Prompt: The answer must consist only of the lines from the line with "Lemma ideal_set_chain_union (C" to the line with "- by move=> [J", both included, exactly as they stand below.
** Input material follows **
(* Let $d\ge2$, $R=\mathbb{Z}[1/p: p\text{ prime},\,2\le p\le d]$, $S=R[s_1,\dots,s_{d-1}]$ graded by total degree, let \[f_{\mathbf{s}}(x)=\tfrac1dx^d-\tfrac1{d-1}(s_1+\cdots+s_{d-1})x^{d-1}+\cdots+(-1)^{d-1}s_1\cdots s_{d-1}x\in S[x]\] (the polynomial with $f_{\mathbf{s}}(0)=0$ and $f_{\mathbf{s}}'(x)=\prod_i(x-s_i)$), and let $F_i=f_{\mathbf{s}}(s_i)\in S$ for $1\le i\le d-1$. Then there exist an integer $D\ge1$ and elements $A_{ij}\in S$, each homogeneous of degree $D-d$, such that for every $i$, \[s_i^D=\sum_{j=1}^{d-1}A_{ij}F_j.\] *)

From HB Require Import structures.
From mathcomp Require Import all_boot all_order all_algebra.
Set Implicit Arguments. Unset Strict Implicit. Unset Printing Implicit Defensive.
Import Order.TTheory GRing.Theory Num.Theory.
Local Open Scope ring_scope.

(* Polynomial ring rat[s_0, ..., s_(n-1)] as iterated univariate polynomials:
   mpoly 0 = rat, mpoly n.+1 = (mpoly n)[s_n]. *)
Fixpoint mpoly (n : nat) : comNzRingType :=
  match n with
  | 0 => rat
  | n'.+1 => {poly (mpoly n')}
  end.

(* the variable s_i (0 <= i < n) in mpoly n *)
Fixpoint mvar (n i : nat) : mpoly n :=
  match n return mpoly n with
  | 0 => 0
  | n'.+1 => if i == n' then ('X : {poly (mpoly n')}) else (mvar n' i)%:P
  end.

Fixpoint mcst (n : nat) (q : rat) : mpoly n :=
  match n return mpoly n with
  | 0 => q
  | n'.+1 => (mcst n' q)%:P
  end.

(* R_d = Z[1/p : p prime, p <= d] as a subset of rat *)
Definition inRd (d : nat) (q : rat) : bool :=
  all (fun p => (p <= d)%N) (primes `|denq q|%N).

(* all coefficients lie in R_d, i.e. the polynomial lies in S = R_d[s] *)
Fixpoint inS (d : nat) (n : nat) : mpoly n -> bool :=
  match n return mpoly n -> bool with
  | 0 => fun q => inRd d q
  | n'.+1 => fun p => all (@inS d n') (polyseq (p : {poly (mpoly n')}))
  end.

(* homogeneous of total degree e (e : int; the zero polynomial is homogeneous
   of every degree, a nonzero one of negative degree never is) *)
Fixpoint homog (n : nat) : int -> mpoly n -> bool :=
  match n return int -> mpoly n -> bool with
  | 0 => fun e c => (c == 0) || (e == 0)
  | n'.+1 => fun e p =>
      all (fun k : nat => @homog n' (e - k%:Z) ((p : {poly (mpoly n')})`_k))
          (iota 0 (size (p : {poly (mpoly n')})))
  end.

Definition fder (d : nat) : {poly (mpoly d.-1)} :=
  \prod_(i < d.-1) ('X - (mvar d.-1 i)%:P).

Definition fs (d : nat) : {poly (mpoly d.-1)} :=
  \sum_(k < size (fder d))
     ((fder d)`_k * mcst d.-1 (k.+1%:R)^-1)%:P * 'X^(k.+1).

Definition Fi (d : nat) (i : nat) : mpoly d.-1 := (fs d).[mvar d.-1 i].

From HB Require Import structures.
From mathcomp Require Import all_boot all_order all_algebra.
From mathcomp Require Import boolp classical_sets.
From mathcomp Require Import ring zify.
Set Implicit Arguments. Unset Strict Implicit. Unset Printing Implicit Defensive.
Import Order.TTheory GRing.Theory Num.Theory.
Local Open Scope ring_scope.

(* Over a field in which 1, ..., n are invertible, let f(0) = 0 and
   f' = prod_j (x - u_j) with n factors. If every critical point u_j is a root
   of f, then all u_j are 0: a root of f' of multiplicity m is a root of f of
   multiplicity m + 1, so deg f >= n + #{distinct u_j}; hence there is a single
   critical point u, f = c (x - u)^(n+1), and f(0) = 0 forces u = 0.
   Applied in the fraction fields of the quotients of S by prime ideals, this
   puts every s_i in each prime ideal containing F_1, ..., F_(d-1); a prime
   ideal maximal among those avoiding the powers of s_i (Zorn) then shows that
   some power of s_i lies in the ideal generated by the F_j. As the F_j are
   homogeneous of degree d, keeping the homogeneous parts of degree D - d of the
   coefficients gives the homogeneous A_ij for a common exponent D. *)

Section FieldRoots.
Variable K : fieldType.
Implicit Types (f : {poly K}) (s : seq K) (t : K).

Lemma dvdp_XsubC_expS_deriv f t n :
  (forall k, (0 < k <= n)%N -> k%:R != 0 :> K) -> f.[t] = 0 ->
  forall m, (m <= n)%N -> ('X - t%:P) ^+ m %| f^`() -> ('X - t%:P) ^+ m.+1 %| f.
Proof.
move=> charK ft; elim=> [|m IHm] le_mn dvd_f'.
  by rewrite expr1 dvdp_XsubCl /root ft.
have /dvdpP[g fE] := IHm (ltnW le_mn) (dvdp_trans (dvdp_exp2l _ (leqnSn m)) dvd_f').
have Xt_neq0 : 'X - t%:P != 0 by rewrite polyXsubC_eq0.
move: dvd_f'; rewrite fE derivM deriv_exp derivXsubC mul1r /= dvdp_addr; last first.
  by rewrite dvdp_mull.
rewrite mulrnAr -scaler_nat dvdpZr ?charK ?ltnS //= exprS dvdp_mul2r ?expf_neq0 //.
by rewrite -exprS (exprS _ m.+1) dvdp_mul2r ?expf_neq0.
Qed.

Lemma dvdp_XsubC_count_prod s t :
  ('X - t%:P) ^+ count_mem t s %| \prod_(u <- s) ('X - u%:P).
Proof.
rewrite (bigID (pred1 t)) /= dvdp_mulr //.
rewrite (eq_bigr (fun _ => 'X - t%:P)); last by move=> u /eqP ->.
by rewrite big_const_seq -Monoid.iteropE.
Qed.

Lemma prod_XsubC_undup_count s :
  \prod_(t <- undup s) ('X - t%:P) ^+ count_mem t s = \prod_(u <- s) ('X - u%:P).
Proof.
rewrite -[RHS]big_undup_iterop_count; apply: eq_bigr => t _.
by rewrite Monoid.iteropE -(Monoid.iteropE (@GRing.mul _)).
Qed.

Section CriticalRoots.
Variables (s : seq K) (f : {poly K}).
Hypothesis charK : forall k, (0 < k <= size s)%N -> k%:R != 0 :> K.
Hypothesis f'E : f^`() = \prod_(u <- s) ('X - u%:P).
Hypothesis f_root : forall u, u \in s -> f.[u] = 0.

Let mult t := count_mem t s.

Lemma dvdp_prod_XsubC_multiplicity :
  \prod_(t <- undup s) ('X - t%:P) ^+ (mult t).+1 %| f.
Proof.
have dvd_f t : t \in s -> ('X - t%:P) ^+ (mult t).+1 %| f.
  move=> ts; apply: (dvdp_XsubC_expS_deriv charK (f_root ts) (count_size _ _)).
  by rewrite f'E dvdp_XsubC_count_prod.
have : {subset undup s <= s} by move=> x; rewrite mem_undup.
elim: (undup s) (undup_uniq s) => [|t U IHU] /=; first by rewrite big_nil dvd1p.
case/andP=> tU uU sub; rewrite big_cons Gauss_dvdp.
  by rewrite dvd_f ?sub ?mem_head //= IHU // => x xU; rewrite sub // inE xU orbT.
apply: coprimep_expl; rewrite coprimep_sym coprimep_XsubC /root horner_prod.
rewrite prodf_seq_neq0; apply/allP=> x xU /=; rewrite horner_exp hornerXsubC.
by rewrite expf_neq0 // subr_eq0; apply: contraNneq tU => ->.
Qed.

Lemma prod_XsubC_multiplicityE :
  \prod_(t <- undup s) ('X - t%:P) ^+ (mult t).+1 =
  \prod_(u <- s) ('X - u%:P) * \prod_(t <- undup s) ('X - t%:P).
Proof.
by rewrite -prod_XsubC_undup_count -big_split; apply: eq_bigr => t _; rewrite exprSr.
Qed.

Lemma critical_poly_neq0 : f != 0.
Proof.
have : \prod_(u <- s) ('X - u%:P) != 0 by rewrite monic_neq0 ?monic_prod_XsubC.
by apply: contraNneq => f0; rewrite -f'E f0 deriv0.
Qed.

Hypothesis size_f : (size f <= (size s).+2)%N.

Lemma size_undup_critical : (size (undup s) <= 1)%N.
Proof.
have := dvdp_leq critical_poly_neq0 dvdp_prod_XsubC_multiplicity.
rewrite prod_XsubC_multiplicityE size_mul ?monic_neq0 ?monic_prod_XsubC //.
by rewrite !size_prod_XsubC /= => /leq_trans/(_ size_f); lia.
Qed.

Hypothesis f0 : f.[0] = 0.

Lemma critical_root_eq0 u : u \in s -> u = 0.
Proof.
move=> us; have ut : undup s = [:: u].
  move: size_undup_critical (us); rewrite -mem_undup.
  by case: (undup s) => [|t [|]] //; rewrite inE => _ /eqP ->.
have mult_u : mult u = size s.
  rewrite -count_predT; apply: eq_in_count => x.
  by rewrite -mem_undup ut inE => /eqP ->; rewrite /= eqxx.
have := dvdp_prod_XsubC_multiplicity; rewrite ut big_seq1 mult_u => /dvdpP[g fE].
have size_g : (size g <= 1)%N.
  have g_neq0 : g != 0.
    by apply: contraNneq critical_poly_neq0 => g0; rewrite fE g0 mul0r.
  move: size_f; rewrite fE size_mul ?expf_neq0 ?polyXsubC_eq0 // size_exp_XsubC.
  by move: (size g) (size s); lia.
move: f0; rewrite fE hornerM horner_exp hornerXsubC (size1_polyC size_g) hornerC.
move/eqP; rewrite mulf_eq0 expf_eq0 sub0r oppr_eq0 => /orP[g0|/andP[_ /eqP //]].
by case/eqP: critical_poly_neq0; rewrite fE (size1_polyC size_g) (eqP g0) mul0r.
Qed.

End CriticalRoots.
End FieldRoots.

Section PrimeAvoidingPowers.
Local Open Scope classical_set_scope.
Variable Q : comNzRingType.
Implicit Types (I J : set Q) (a x y : Q).

Definition ideal_set J :=
  [/\ J 0, forall x y, J x -> J y -> J (x + y) & forall c x, J x -> J (c * x)].

Definition prime_set J :=
  [/\ ideal_set J, ~ J 1 & forall x y, J (x * y) -> J x \/ J y].

Definition avoids_powers a J := forall N, ~ J (a ^+ N).

Definition in_ideal n (G : 'I_n -> Q) x := exists A : 'I_n -> Q, x = \sum_j A j * G j.

Lemma ideal_set_in_ideal n (G : 'I_n -> Q) : ideal_set (in_ideal G).
Proof.
split.
- by exists (fun _ => 0); rewrite big1 // => j _; rewrite mul0r.
- move=> x y [A ->] [B ->]; exists (fun j => A j + B j).
  by rewrite -big_split; apply: eq_bigr => j _; rewrite mulrDl.
- move=> c x [A ->]; exists (fun j => c * A j).
  by rewrite mulr_sumr; apply: eq_bigr => j _; rewrite mulrA.
Qed.

Lemma in_ideal_gen n (G : 'I_n -> Q) j : in_ideal G (G j).
Proof.
exists (fun k => (k == j)%:R); rewrite (bigD1 j) //= eqxx mul1r big1 ?addr0 //.
by move=> k /negPf ->; rewrite mul0r.
Qed.

Definition ideal_adjoin J x : set Q := [set w | exists j b, J j /\ w = j + b * x].

Section Adjoin.
Variable J : set Q.
Hypothesis idJ : ideal_set J.

Lemma ideal_set_adjoin x : ideal_set (ideal_adjoin J x).
Proof.
case: idJ => J0 JD JM; split.
- by exists 0, 0; rewrite mul0r addr0.
- move=> _ _ [j1 [b1 [J1 ->]]] [j2 [b2 [J2 ->]]]; exists (j1 + j2), (b1 + b2).
  by split; [exact: JD | rewrite mulrDl addrACA].
- move=> c _ [j [b [Jj ->]]]; exists (c * j), (c * b).
  by split; [exact: JM | rewrite mulrDr mulrA].
Qed.

Lemma sub_ideal_adjoin x : J `<=` ideal_adjoin J x.
Proof. by move=> w Jw; exists w, 0; rewrite mul0r addr0. Qed.

Lemma ideal_adjoin_elt x : ideal_adjoin J x x.
Proof. by case: idJ => J0 _ _; exists 0, 1; rewrite add0r mul1r. Qed.

Lemma ideal_adjoinM x y u v :
  J (x * y) -> ideal_adjoin J x u -> ideal_adjoin J y v -> J (u * v).
Proof.
case: idJ => _ JD JM Jxy [j1 [b1 [J1 ->]]] [j2 [b2 [J2 ->]]].
rewrite mulrDl !mulrDr; apply: (JD); apply: (JD).
- by rewrite mulrC; apply: JM.
- by rewrite mulrC; apply: JM.
- exact: JM.
- by rewrite mulrACA; apply: JM.
Qed.

End Adjoin.

Lemma maximal_avoiding_prime a J :
  ideal_set J -> avoids_powers a J ->
  (forall J', ideal_set J' -> avoids_powers a J' -> J `<=` J' -> J' = J) ->
  prime_set J.
Proof.
move=> idJ avJ maxJ; split=> // [J1|x y Jxy]; first by apply: (avJ 0%N); rewrite expr0.
have meets z : ~ J z -> exists N, ideal_adjoin J z (a ^+ N).
  move=> nJz; apply: contrapT => /forallNP avz; apply: nJz.
  rewrite -(maxJ _ (ideal_set_adjoin idJ z) avz (sub_ideal_adjoin z)).
  exact: ideal_adjoin_elt.
have [Jx|/meets[N JxN]] := pselect (J x); [by left | right].
apply: contrapT => /meets[M JyM]; apply: (avJ (N + M)%N).
by rewrite exprD; exact: ideal_adjoinM Jxy JxN JyM.
Qed.

Lemma ideal_set_chain_union (C : set (set Q)) :
  C !=set0 -> C `<=` ideal_set -> total_on C subset ->
  ideal_set (\bigcup_(J in C) J).
Proof.
move=> [J0 CJ0] idC totC; split.
- by exists J0 => //; case: (idC _ CJ0).
- move=> x y [J1 CJ1 J1x] [J2 CJ2 J2y].
  have [J12|J21] := totC _ _ CJ1 CJ2.
    by exists J2 => //; case: (idC _ CJ2) => _ JD _; apply: JD => //; apply: J12.
  by exists J1 => //; case: (idC _ CJ1) => _ JD _; apply: JD => //; apply: J21.
- by move=> c x [J CJ Jx]; exists J => //; case: (idC _ CJ) => _ _; apply.
Qed.

Definition avoiding_ideal a I J := [/\ ideal_set J, I `<=` J & avoids_powers a J].

Lemma avoiding_ideal_chain_union a I (C : set (set Q)) :
  C !=set0 -> C `<=` avoiding_ideal a I -> total_on C subset ->
  avoiding_ideal a I (\bigcup_(J in C) J).
Proof.
move=> [J0 CJ0] avC totC; split.
- by apply: ideal_set_chain_union => //; [exists J0 | move=> J /avC[]].
- by move=> x Ix; exists J0 => //; case: (avC _ CJ0) => _ IJ0 _; exact: IJ0.
- by move=> N [J /avC[_ _ avJ] JaN]; exact: avJ JaN.
Qed.

Lemma exists_prime_avoiding_powers a I :
  ideal_set I -> avoids_powers a I ->
  exists J, [/\ prime_set J, I `<=` J & avoids_powers a J].
Proof.
move=> idI avI.
pose T := {J : set Q | avoiding_ideal a I J}.
pose R (s t : T) := `[< sval s `<=` sval t >].
have [| | | |[J [idJ IJ avJ]] maxJ] := @Zorn T R.
- by move=> s; exact/asboolP.
- by move=> r s t /asboolP rs /asboolP st; apply/asboolP; exact: subset_trans st.
- by move=> [J PJ] [J' PJ'] /asboolP JJ' /asboolP J'J; exact/eq_exist/seteqP.
- move=> C totC; have [[s0 Cs0]|C0] := pselect (C !=set0); last first.
    exists (exist _ I (And3 idI (@subset_refl _ I) avI)) => s Cs.
    by case: C0; exists s.
  have avU : avoiding_ideal a I (\bigcup_(J in sval @` C) J).
    apply: avoiding_ideal_chain_union; first by exists (sval s0), s0.
      by move=> _ [s _ <-]; exact: svalP.
    move=> _ _ [s Cs <-] [t Ct <-].
    by have [/asboolP|/asboolP] := totC _ _ Cs Ct; [left|right].
  exists (exist _ _ avU) => s Cs; apply/asboolP => x sx.
  by exists (sval s) => //; exists s.
exists J; split=> //; apply: maximal_avoiding_prime => // J' idJ' avJ' JJ'.
have IJ' : I `<=` J' by apply: subset_trans JJ'.
have /maxJ/(congr1 sval) // :
  R (exist _ J (And3 idJ IJ avJ)) (exist _ J' (And3 idJ' IJ' avJ')).
exact/asboolP.
Qed.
** End of Input material **
Worked solution:
Lemma ideal_set_chain_union (C : set (set Q)) :
  C !=set0 -> C `<=` ideal_set -> total_on C subset ->
  ideal_set (\bigcup_(J in C) J).
Proof.
move=> [J0 CJ0] idC totC; split.
- by exists J0 => //; case: (idC _ CJ0).
- move=> x y [J1 CJ1 J1x] [J2 CJ2 J2y].
  have [J12|J21] := totC _ _ CJ1 CJ2.
    by exists J2 => //; case: (idC _ CJ2) => _ JD _; apply: JD => //; apply: J12.
  by exists J1 => //; case: (idC _ CJ1) => _ JD _; apply: JD => //; apply: J21.
- by move=> c x [J CJ Jx]; exists J => //; case: (idC _ CJ) => _ _; apply.
Qed.

Definition avoiding_ideal a I J := [/\ ideal_set J, I `<=` J & avoids_powers a J].

Lemma avoiding_ideal_chain_union a I (C : set (set Q)) :
  C !=set0 -> C `<=` avoiding_ideal a I -> total_on C subset ->
  avoiding_ideal a I (\bigcup_(J in C) J).
Proof.
move=> [J0 CJ0] avC totC; split.
- by apply: ideal_set_chain_union => //; [exists J0 | move=> J /avC[]].
- by move=> x Ix; exists J0 => //; case: (avC _ CJ0) => _ IJ0 _; exact: IJ0.
- by move=> N [J /avC[_ _ avJ] JaN]; exact: avJ JaN.
Qed.

Lemma exists_prime_avoiding_powers a I :
  ideal_set I -> avoids_powers a I ->
  exists J, [/\ prime_set J, I `<=` J & avoids_powers a J].
Proof.
move=> idI avI.
pose T := {J : set Q | avoiding_ideal a I J}.
pose R (s t : T) := `[< sval s `<=` sval t >].
have [| | | |[J [idJ IJ avJ]] maxJ] := @Zorn T R.
- by move=> s; exact/asboolP.
- by move=> r s t /asboolP rs /asboolP st; apply/asboolP; exact: subset_trans st.
- by move=> [J PJ] [J' PJ'] /asboolP JJ' /asboolP J'J; exact/eq_exist/seteqP.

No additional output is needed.